00050 divert 8668 ip from any to any via rl0
00055 divert 8668 ip from 192.0.0.0/8 to any via vr0
00100 allow ip from any to any via lo0
00200 deny ip from any to 127.0.0.0/8
00300 deny ip from 127.0.0.0/8 to any
65000 allow ip from any to any
65535 allow ip from any to any
Now, I can access the webserver from the internal machine, but my SSH issue still exists. I get a login prompt, and no password prompt.
And yes, I can ssh localhost.
Much safer idea, but it's not affecting this. As soon as you've got this
sorted I suggest configuring the 'simple' firewall section ASAP, it's mean
out there and you're wide open, esp with clients in jails and all ..
> And I added rule 55.
> 00050 divert 8668 ip from any to any via rl0
> 00055 divert 8668 ip from 192.0.0.0/8 to any via vr0
No, you don't want translation again on your inside interface ..
and don't you mean 192.168.0.0/16 (RFC 1918 addresses)?
> Now, I can access the webserver from the internal machine, but my SSH issue
> still exists. I get a login prompt, and no password prompt.
> And yes, I can ssh localhost.
Ok, I just noticed something else from an earlier message:
> I'm connecting through putty from a win2k box...
You haven't said whether you're using FreeBSD 4.x or 5.x; if the latter I noticed
something the other day (in freebsd-questions, where I'm sure you'd get this fixed
fast!) about problems with putty and the (new) default SSH settings that required
some reconfiguration of sshd .. off hunting for some details ..

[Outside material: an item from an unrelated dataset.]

(* Let $\mathcal L\subseteq\mathcal A^*$ be a language. (1) For all $n_2\ge n_1$, $\mathfrak s\in\{\ell,r\}$ and $w'\in\mathcal L^{\mathfrak s}_{n_2}$, the word $w=w'_{[1,n_1]}$ (if $\mathfrak s=\ell$), resp. $w=w'_{[n_2-n_1+1,n_2]}$ (if $\mathfrak s=r$), is $\mathfrak s$-special. Assume now in addition that $\mathcal L$ satisfies RBC with constant $n_0$ (every bispecial word of length $\ge n_0$ is regular bispecial). (2) For all $n_2\ge n_1\ge n_0$, $\mathfrak s\in\{\ell,r\}$ and $w\in\mathcal L^{\mathfrak s}_{n_1}$, there is a unique $w'\in\mathcal L^{\mathfrak s}_{n_2}$ with $w=w'_{[1,n_1]}$ if $\mathfrak s=\ell$, resp. $w=w'_{[n_2-n_1+1,n_2]}$ if $\mathfrak s=r$. (3) There is $N$ such that for all $n_2\ge n_1\ge N$ and $\mathfrak s\in\{\ell,r\}$, any $w'\in\mathcal L^{\mathfrak s}_{n_1}$ and $w''\in\mathcal L^{\mathfrak s}_{n_2}$ with $w'_{[1,n_0]}=w''_{[1,n_0]}$ (if $\mathfrak s=\ell$), resp. $w'_{[n_1-n_0+1,n_1]}=w''_{[n_2-n_0+1,n_2]}$ (if $\mathfrak s=r$), satisfy $Ex^{\mathfrak s}(w')=Ex^{\mathfrak s}(w'')$.
   Context: $\mathcal{A}$ is a finite alphabet, $\mathcal{A}^*$ the set of nonempty finite words, $w_{[i,j]}=w_i\cdots w_j$. A language is a set $\mathcal L\subseteq\mathcal A^*$ with $\mathcal A\subseteq\mathcal L$, closed under taking subwords, and such that for every $w\in\mathcal L$ there are $a,b\in\mathcal A$ with $awb\in\mathcal L$. $\mathcal L_n$ = words of length $n$ in $\mathcal L$. $Ex^\ell(w)=\{a: aw\in\mathcal L\}$, $Ex^r(w)=\{b: wb\in\mathcal L\}$; $w$ is $\ell$-special (left special) if $|Ex^\ell(w)|\ge2$, $r$-special (right special) if $|Ex^r(w)|\ge2$, bispecial if both; $\mathcal L_n^{\mathfrak s}$ is the set of $\mathfrak s$-special words of length $n$. A bispecial $w$ is regular bispecial if there is exactly one $\hat a\in Ex^\ell(w)$ with $\hat aw$ right special and exactly one $\hat b\in Ex^r(w)$ with $w\hat b$ left special. $\mathcal L$ satisfies RBC (regular bispecial condition) if for some $n_0$ every bispecial word of length $\ge n_0$ is regular bispecial. *)

From mathcomp Require Import all_boot.
Set Implicit Arguments. Unset Strict Implicit. Unset Printing Implicit Defensive.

Ok, two partial quotes, out of context, from -questions to give flavour and maybe help:
"There are know issues with ssh2 on earlier versions of Putty.
Try Putty Release 0.56"
and
"Similiar problems have been noted on this list before with putty, the
solution was to set PasswordAuthentication to yes in your sshd_config
which is disabled by default in 5.3"
The first may apply whatever (recent) version of freebsd you're running.
If that doesn't help, consolidate all the info you've given to questions by others
here and take it to where there are scores of people who can help. I suggest:
http://lists.FreeBSD.org/mailman/listinfo/freebsd-questions
try the search facility (say for 'putty sshd' in -questions), it's really quite
good, and you might not even need to subscribe if you're reluctant.
(I just tried exactly that search from http://lists.freebsd.org/pipermail/freebsd-questions/
and got plenty of hits, headed up by the two I quoted bits from)
You might also check natd(8) again and enable -verbose and whatever other switches
will give you some more detailed syslogging of what's going on ..
As I said, I'm not running NAT here, so value my advice for what it cost you :)
cheers, Ian
Also,
Lines 200 and 300 don't do anything. Any traffic bound to or from 127.0.0.0/8 HAS to go via the loopback interface (lo0). You have already allowed all traffic over lo0 on line 100.
That's the reason why lines 200 and 300 SHOULD BE THERE!
To make sure that only traffic going through the local loop uses that range and that you don't accept any spoofed packets with that range from the outside world.
[lists.freebsd.org...]
It's odd that I can ssh from the local machine, from an external machine, just not a different internal machine.